Authored by wmi on Feb 24 2017, 1:41 PM.

Details

Summary

In PR32043, we saw a testcase containing a AllFixupsOutsideLoop type LSRUse with huge SCEVAddExpr. LSRInstance::GenerateReassociations generates lots of new formula for the LSRUse because of the huge AddExpr, and causes compilation to hang.

Since AllFixupsOutsideLoop type LSRUses are outside of current loop, reassociation for them should have much less impact compared with that for normal LSRUses. The fix is to add a cap in reassociation if the LSRUse is of AllFixupsOutsideLoop type. I admit this is a workround. AllFixupsOutsideLoop LSRUse needs to be handled in a better way to reduce compile time and improve LSR results.

No test because I am not sure the potential hanging test from PR32043 is proper to be added.

Diff Detail

Repository
rL LLVM

Event Timeline

wmi created this revision.Feb 24 2017, 1:41 PM
davide edited edge metadata.Feb 24 2017, 1:55 PM

Probably this is OK as stopgap solution but I'm generally very wary of adding cutoffs to the code as they add technical debt etc..
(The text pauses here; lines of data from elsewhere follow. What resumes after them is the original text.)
Fixpoint eval_word (c : A) (s : seq A) : rees G I Lam :=
  if s is d :: s' then rees_mul P (t c) (eval_word d s') else t c.

Lemma weight1 c : weight [:: c] = grp_of c.
Proof.
rewrite /weight (eq_bigr (fun a => grp_of a *+ (a == c))) => [|a _]; last first.
  by rewrite /= addn0 eq_sym.
by rewrite sumr_mulrn_eq big1 ?addr0 // => -[a b] _; rewrite /= andbF.
Qed.

Lemma weight_cons2 c d s :
  weight [:: c, d & s] = grp_of c + link c d + weight (d :: s).
Proof.
rewrite /weight addrACA -(sumr_mulrn_eq grp_of c).
rewrite -(sumr_mulrn_eq (fun ab : A * A => link ab.1 ab.2) (c, d)).
rewrite -!big_split /=; congr (_ + _); apply: eq_bigr.
  by move=> a _; rewrite eq_sym -mulrnDr.
by move=> [a b] _; rewrite /= prefix0s andbT -mulrnDr.
Qed.

Lemma nonzero_word_cons c d s :
  nonzero_word c (d :: s) = [&& letter_ok c, link_ok c d & nonzero_word d s].
Proof.
rewrite /nonzero_word /=.
by case: (letter_ok c); case: (link_ok c d); rewrite ?andbF.
Qed.

Lemma eval_wordE c s : eval_word c s =
  if nonzero_word c s then Some (row_of c, weight (c :: s), col_of (last c s))
  else None.
Proof.
elim: s c => [|d s IH] c.
  rewrite /nonzero_word /= andbT weight1 /letter_ok /row_of /col_of /grp_of.
  by case: (t c) => [[[i g] l]|].
rewrite /= IH nonzero_word_cons weight_cons2 /link_ok /link.
move: (row_of d) (col_of (last d s)) (weight (d :: s)) => i' l' g'.
case: (nonzero_word d s); rewrite /letter_ok /row_of /col_of /grp_of.
  by case: (t c) => [[[i g] l]|] //=; case: (P l i').
by rewrite !andbF; case: (t c) => [[[i g] l]|].
Qed.

Variables (n : nat) (charG : forall x : G, x *+ n = 0).

Lemma weight_eq_mod w w' : ohead w = ohead w' ->
  (forall a, count_mem a w = count_mem a w' %[mod n]) ->
  (forall a b, a != b -> npairs a b w = npairs a b w' %[mod n]) ->
  weight w = weight w'.
Proof.
move=> hw letters pairs; rewrite /weight; congr (_ + _); apply: eq_bigr.
  by move=> a _; apply: mulrn_eq_mod.
move=> [a b] _ /=; apply: mulrn_eq_mod => //.
have [<-{b} | ab] := eqVneq a b; last exact: pairs.
(* npairs a a is read off from the count of a and of the factors da with d != a. *)
have others :
    (\sum_(d | d != a) npairs d a w = \sum_(d | d != a) npairs d a w' %[mod n])%N.
  rewrite -modn_summ -[in RHS]modn_summ; congr (_ %% _)%N.
  by apply: eq_bigr => d da; apply: pairs.
move: (letters a); rewrite !count_mem_pairs hw -!addnA => /eqP.
by rewrite eqn_modDl -modnDmr others modnDmr eqn_modDr => /eqP.
Qed.

Lemma eval_word_profile c s c' s' : same_profile n (c :: s) (c' :: s') ->
  eval_word c s = eval_word c' s'.
Proof.
move=> [[<-{c'}] last_eq factors_eq counts_eq npairs_eq].
have nz_eq : nonzero_word c s = nonzero_word c s'.
  have letters_eq : c :: s =i c :: s' by move=> a; rewrite -!infix1s factors_eq.
  rewrite /nonzero_word (eq_all_r letters_eq); congr andb.
  by apply/path_infix2P/path_infix2P => ok a b;
    [rewrite -factors_eq | rewrite factors_eq] => // /ok.
move: last_eq; rewrite !ohead_rev_cons => -[last_eq].
by rewrite !eval_wordE nz_eq last_eq (weight_eq_mod _ counts_eq npairs_eq).
Qed.

End ReesWords.

Section ProfileTests.
Variables (A : finType) (n : nat).
Hypothesis n_gt0 : 0 < n.

Definition profile_test
    (j : option A + option A + A + (A * A) + (A * 'I_n) + (A * A * 'I_n)) :
    seq A -> Prop :=
  match j with
  | inl (inl (inl (inl (inl o)))) => fun w => ohead w = o
  | inl (inl (inl (inl (inr o)))) => fun w => ohead (rev w) = o
  | inl (inl (inl (inr a))) => fun w => a \in w
  | inl (inl (inr (a, b))) => fun w => infix [:: a; b] w
  | inl (inr (a, r)) => fun w => count_mem a w %% n = r
  | inr (a, b, r) => fun w => a != b /\ npairs a b w %% n = r
  end.

Lemma gsh_profile_test j : gsh_le 1 (profile_test j).
Proof.
case: j => [[[[[[a|]|[a|]]|a]|[a b]]|[a r]]|[[a b] r]] /=.
- exists (GCat (GLet a) (all_gre A)); split=> // w.
  split=> [[u [v [-> [-> _]]]] // | ].
  by case: w => // c w [->]; exists [:: a], w; split=> //; split=> // [].
- by exists GEps; split=> // -[].
- exists (GCat (all_gre A) (GLet a)); split=> // w.
  split=> [[u [v [-> [_ ->]]]] | ]; first by rewrite cats1 rev_rcons.
  case/lastP: w => [|u c] //; rewrite rev_rcons => -[->].
  by exists u, [:: a]; split; [rewrite cats1 | split=> // []].
- exists GEps; split=> // w; split=> [-> // | ].
  by case/lastP: w => // u c; rewrite rev_rcons.
- exists (factor_gre [:: a]); split; first by rewrite star_height_factor_gre.
  by move=> w; rewrite factor_greP infix1s.
- exists (factor_gre [:: a; b]); split; first by rewrite star_height_factor_gre.
  exact: factor_greP.
- exact: count_mem_mod_gsh.
have [<- | ab] := eqVneq a b.
  by apply: (gsh_ext (gsh_False _ 1)) => w; split=> // -[/eqP].
apply: (gsh_ext (npairs_mod_gsh ab n_gt0 (ltn_ord r))) => w.
by split=> [|[]].
Qed.

Lemma same_profile_of_tests w w' :
  (forall j, profile_test j w <-> profile_test j w') -> same_profile n w w'.
Proof.
move=> tests; split.
- by case: (tests (inl (inl (inl (inl (inl (ohead w))))))) => /(_ erefl) ->.
- by case: (tests (inl (inl (inl (inl (inr (ohead (rev w)))))))) => /(_ erefl) ->.
- case=> [|a [|b [|? ?]]] // _; first by rewrite !infix0s.
    by rewrite !infix1s; apply/idP/idP => /(tests (inl (inl (inl (inr a))))).
  by apply/idP/idP => /(tests (inl (inl (inr (a, b))))).
- move=> a; pose r := Ordinal (ltn_pmod (count_mem a w) n_gt0).
  by case: (tests (inl (inr (a, r)))) => /(_ erefl) ->.
move=> a b ab; pose r := Ordinal (ltn_pmod (npairs a b w) n_gt0).
by case: (tests (inr (a, b, r))) => /(_ (conj ab erefl)) [_ ->].
Qed.

Lemma gsh_profile_saturated (L : seq A -> Prop) :
  (forall w w', same_profile n w w' -> L w -> L w') -> gsh_le 1 L.
Proof.
move=> satL; apply: (gsh_saturated gsh_profile_test) => w w' tests.
exact/satL/same_profile_of_tests.
Qed.

End ProfileTests.

Theorem theorem3p3 (n : nat) (hn : (0 < n)%N) (I Lam : Type) (i0 : I) (l0 : Lam)
  (P : Lam -> I -> option (Zn n)) (A : finType) (Lang : seq A -> Prop) :
  recognised (rees_mul P) Lang -> gsh_le 1 Lang.
Proof.
move=> [psi [X [psi_cat Lang_psi]]].
have psi_eval c s : psi (c :: s) = eval_word P (fun a => psi [:: a]) c s.
  by elim: s c => [|d s IH] c //=; rewrite -IH -psi_cat.
apply: (gsh_profile_saturated hn) => w w' same_ww'; rewrite !Lang_psi => -[w_nz Xw].
case: w w_nz same_ww' Xw => [//|c s] _; case: w' => [|c' s'] same_ww'.
  by case: same_ww'.
by rewrite !psi_eval (eval_word_profile _ _ i0 l0 (Zn_mulrn_order hn) same_ww').
Qed.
davide added inline comments.Feb 25 2017, 6:04 PM
lib/Transforms/Scalar/LoopStrengthReduce.cpp
3429 ↗(On Diff #89714)

How did you chose this cap, BTW?
Maybe we should do some measurements and pick a less arbitrary value?
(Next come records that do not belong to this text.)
(* Write u = A r1 and v = B r2.  Normalization satisfies
   |u/|u| - v/|v|| <= 2 |u - v| / |u|, and
   |u - v| <= |A (r1 - r2)| + |(A - B) r2| <= ||A|| (eps2 + eps1).
   For a symmetric positive definite A, the spectral theorem gives
   ||A|| <= lambda_max A and |u| >= lambda_min A, so ||A|| / |u| is at most the
   condition number lambda_max A / lambda_min A. *)

From HB Require Import structures.
From mathcomp Require Import all_boot all_order all_algebra.
From mathcomp Require Import classical_sets reals.
From mathcomp Require Import complex sesquilinear spectral.
From mathcomp Require Import ring lra.
Import Order.TTheory GRing.Theory Num.Theory.
Set Implicit Arguments. Unset Strict Implicit. Unset Printing Implicit Defensive.
Local Open Scope ring_scope.

Definition sqnorm (R : pzSemiRingType) (d : nat) (v : 'cV[R]_d) : R :=
  \sum_i v i 0 ^+ 2.

Definition dotv (R : pzSemiRingType) (d : nat) (u v : 'cV[R]_d) : R :=
  \sum_i u i 0 * v i 0.

Section SquaredNorm.
Variables (R : realFieldType) (d : nat).
Implicit Types (v x y : 'cV[R]_d).

Lemma sqnorm_ge0 v : 0 <= sqnorm v.
Proof. by apply: sumr_ge0 => i _; rewrite sqr_ge0. Qed.

Lemma sqnorm_eq0 v : (sqnorm v == 0) = (v == 0).
Proof.
apply/idP/eqP => [/eqP v0|->]; last first.
  by rewrite /sqnorm big1 // => i _; rewrite mxE expr0n.
apply/matrixP => i j; rewrite ord1 mxE; apply/eqP; rewrite -sqrf_eq0.
by move/psumr_eq0P: v0 => -> // k _; rewrite sqr_ge0.
Qed.

Lemma sqnorm_gt0 v : (0 < sqnorm v) = (v != 0).
Proof. by rewrite lt_def sqnorm_eq0 sqnorm_ge0 andbT. Qed.

Lemma sqnormZ c v : sqnorm (c *: v) = c ^+ 2 * sqnorm v.
Proof. by rewrite /sqnorm mulr_sumr; apply: eq_bigr => i _; rewrite mxE exprMn. Qed.

Lemma sqnormDZ x y t :
  sqnorm (x + t *: y) = sqnorm x + 2 * t * dotv x y + t ^+ 2 * sqnorm y.
Proof.
rewrite /sqnorm /dotv !mulr_sumr -!big_split /=; apply: eq_bigr => i _.
by rewrite !mxE; ring.
Qed.

Lemma dotv_sqr_le x y : dotv x y ^+ 2 <= sqnorm x * sqnorm y.
Proof.
have [->|y_neq0] := eqVneq y 0.
  rewrite /dotv big1 => [|i _]; last by rewrite mxE mulr0.
  by rewrite expr0n /= mulr_ge0 ?sqnorm_ge0.
have y_gt0 : 0 < sqnorm y by rewrite sqnorm_gt0.
(* expand [0 <= |x + t y|^2] at the minimizing [t = - <x, y> / |y|^2] *)
have := sqnorm_ge0 (x + (- (dotv x y / sqnorm y)) *: y).
rewrite sqnormDZ => /mulr_ge0 /(_ (ltW y_gt0)).
have : - (dotv x y / sqnorm y) * sqnorm y = - dotv x y by rewrite mulNr divfK ?gt_eqF.
nra.
Qed.

Lemma sqnorm_mulmx_le (M : 'M[R]_d) x :
  sqnorm (M *m x) <= (\sum_i \sum_j M i j ^+ 2) * sqnorm x.
Proof.
rewrite mulr_suml; apply: ler_sum => i _.
have -> : \sum_j M i j ^+ 2 = sqnorm (row i M)^T.
  by apply: eq_bigr => j _; rewrite !mxE.
have -> : (M *m x) i 0 = dotv (row i M)^T x.
  by rewrite mxE; apply: eq_bigr => j _; rewrite !mxE.
exact: dotv_sqr_le.
Qed.

End SquaredNorm.

Section EuclideanNorm.
Variables (R : realType) (d : nat).
Implicit Types (u v x y : 'cV[R]_d).

Lemma vnormE v : vnorm v = Num.sqrt (sqnorm v).
Proof. by []. Qed.

Lemma vnorm_ge0 v : 0 <= vnorm v.
Proof. exact: sqrtr_ge0. Qed.

Lemma sqr_vnorm v : vnorm v ^+ 2 = sqnorm v.
Proof. exact/sqr_sqrtr/sqnorm_ge0. Qed.

Lemma vnorm_gt0 v : (0 < vnorm v) = (v != 0).
Proof. by rewrite vnormE sqrtr_gt0 sqnorm_gt0. Qed.

Lemma vnormZ c v : vnorm (c *: v) = `|c| * vnorm v.
Proof. by rewrite !vnormE sqnormZ sqrtrM ?sqr_ge0 // sqrtr_sqr. Qed.

Lemma vnormN v : vnorm (- v) = vnorm v.
Proof. by rewrite -scaleN1r vnormZ normrN1 mul1r. Qed.

Lemma vnormD x y : vnorm (x + y) <= vnorm x + vnorm y.
Proof.
have dot_le : dotv x y <= vnorm x * vnorm y.
  apply: ler_normlW; rewrite -ler_sqr ?nnegrE ?mulr_ge0 ?vnorm_ge0 //.
  by rewrite real_normK ?num_real // exprMn !sqr_vnorm dotv_sqr_le.
rewrite -ler_sqr ?nnegrE ?addr_ge0 ?vnorm_ge0 // sqr_vnorm -[y]scale1r sqnormDZ.
rewrite scale1r sqrrD !sqr_vnorm; lra.
Qed.

Lemma vnorm_lerB_dist x y : `|vnorm x - vnorm y| <= vnorm (x - y).
Proof.
rewrite ler_norml; apply/andP; split.
  by have := vnormD (y - x) x; rewrite subrK -[y - x]opprB vnormN; lra.
by have := vnormD (x - y) y; rewrite subrK; lra.
Qed.

Lemma vnorm0 : vnorm (0 : 'cV[R]_d) = 0.
Proof. by apply/eqP; rewrite eq_le vnorm_ge0 andbT leNgt vnorm_gt0 eqxx. Qed.

Lemma vnorm_sub_normalize u v : 0 < vnorm u ->
  vnorm ((vnorm u)^-1 *: u - (vnorm v)^-1 *: v) <= 2 * vnorm (u - v) / vnorm u.
Proof.
set a := vnorm u; set b := vnorm v => a_gt0.
have -> : a^-1 *: u - b^-1 *: v = a^-1 *: (u - v) + (a^-1 - b^-1) *: v.
  by rewrite scalerBr scalerBl addrA subrK.
have ia_ge0 : 0 <= a^-1 by rewrite invr_ge0 ltW.
apply: le_trans (vnormD _ _) _; rewrite !vnormZ -/b (ger0_norm ia_ge0).
suff : `|a^-1 - b^-1| * b <= vnorm (u - v) / a by lra.
have [b0|b_neq0] := eqVneq b 0.
  by rewrite b0 mulr0 divr_ge0 ?vnorm_ge0 ?ltW.
have -> : `|a^-1 - b^-1| * b = `|b - a| / a.
  have e : (a^-1 - b^-1) * b = (b - a) / a by field; rewrite b_neq0 gt_eqF.
  have b_ge0 : 0 <= b := vnorm_ge0 v.
  by rewrite -[X in _ * X](ger0_norm b_ge0) -normrM e normrM (ger0_norm ia_ge0).
by apply: ler_wpM2r => //; rewrite distrC vnorm_lerB_dist.
Qed.

End EuclideanNorm.

Lemma vnorm1_dim_gt0 (R : realType) d (v : 'cV[R]_d) : vnorm v = 1 -> (0 < d)%N.
Proof.
case: d v => // v; rewrite vnormE /sqnorm big_ord0 sqrtr0 => /eqP.
by rewrite eq_sym oner_eq0.
Qed.

Section OperatorNorm.
Variables (R : realType) (d : nat) (M : 'M[R]_d).

Lemma vnorm_mulmx_le_opnorm x : vnorm (M *m x) <= opnorm M * vnorm x.
Proof.
have unit_le z : vnorm z = 1 -> vnorm (M *m z) <= opnorm M.
  move=> z1; apply: ub_le_sup; last by exists z.
  exists (Num.sqrt (\sum_i \sum_j M i j ^+ 2)) => _ [y y1 <-].
  rewrite vnormE ler_sqrt; last by do 2!apply: sumr_ge0 => ? _; rewrite sqr_ge0.
  by rewrite -[X in _ <= X]mulr1 -(expr1n _ 2) -y1 sqr_vnorm sqnorm_mulmx_le.
have [->|x_neq0] := eqVneq x 0; first by rewrite mulmx0 vnorm0 mulr0.
have x_gt0 : 0 < vnorm x by rewrite vnorm_gt0.
have := unit_le ((vnorm x)^-1 *: x).
rewrite -scalemxAr !vnormZ ger0_norm ?invr_ge0 ?(ltW x_gt0) //.
rewrite mulVf ?gt_eqF // => /(_ erefl).
by rewrite ler_pdivrMl // mulrC.
Qed.

Lemma opnorm_le_ub K : (exists x : 'cV[R]_d, vnorm x = 1) ->
  (forall x, vnorm x = 1 -> vnorm (M *m x) <= K) -> opnorm M <= K.
Proof.
move=> [x x1] le_K; apply: ge_sup; first by exists (vnorm (M *m x)), x.
by move=> _ [z z1 <-]; apply: le_K.
Qed.

End OperatorNorm.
Also, I think the test from the PR (after some polishing, maybe) is good to add. If somebody removes these lines at least all (or a subset of) the bots will timeout and we'll notice the regression.

wmi added a comment.Feb 27 2017, 9:53 AM

I don't like a hanging test to be killed after timeout. I will try to create another testcase by checking the LSR trace.

lib/Transforms/Scalar/LoopStrengthReduce.cpp
3429 ↗(On Diff #89714)

On one side, for AddOps.size()==5, even without the workaround, the compile time will not bloat up too much, so I think it can cover the cases suffering compile time issue. On the other side, not many cases have very large AddOps numbers. I choose 5 which is not a too small number so it will not kick in frequently. Since current model handling AllFixupsOutsideLoop is very imprecise, I think it is better to just fix the compile time issue and don't change the existing code.

I found no regressions using some internal benchmarks.

@qcolombet what do you think?

wmi updated this revision to Diff 89938.Feb 27 2017, 2:24 PM

Add a testcase by checking the LSR debug output.

wmi updated this revision to Diff 89939.Feb 27 2017, 2:26 PM

Fixed a typo in the testcase.

sanjoy added a subscriber: sanjoy.Mar 3 2017, 10:45 PM
sanjoy added inline comments.
lib/Transforms/Scalar/LoopStrengthReduce.cpp
3430 ↗(On Diff #89939)

I'm not too familiar with LSR, but this looks pretty ad-hoc -- why can't the same compile-time blowup happen for an LSRUse with AllFixupsOutsideLoop = false?

Wei, any progress on this? We should either commit a workaround or revert the patchset to unblock folks.

atrick edited edge metadata.Mar 8 2017, 1:48 PM

LSR is fundamentally combinatorial. It relies on arbitrary pruning. I don't like it, but that's the way it is, and we need to guard against pathological cases. I just wonder why you complete bypass the reassociation code instead of simply limiting the number of expressions that participate.

wmi added a comment.Mar 8 2017, 2:43 PM

Andy,

Thanks for the comment.

I just wonder why you complete bypass the reassociation code instead of simply limiting the number of expressions that participate.

Because I feel it brings less uncertainty about the LSR result. If I limit the number of expressions that participate, suppose there is a candidate formula matters for the final LSR result, whether it will be used depends on when it is seen and it brings some uncertainty to the LSR result.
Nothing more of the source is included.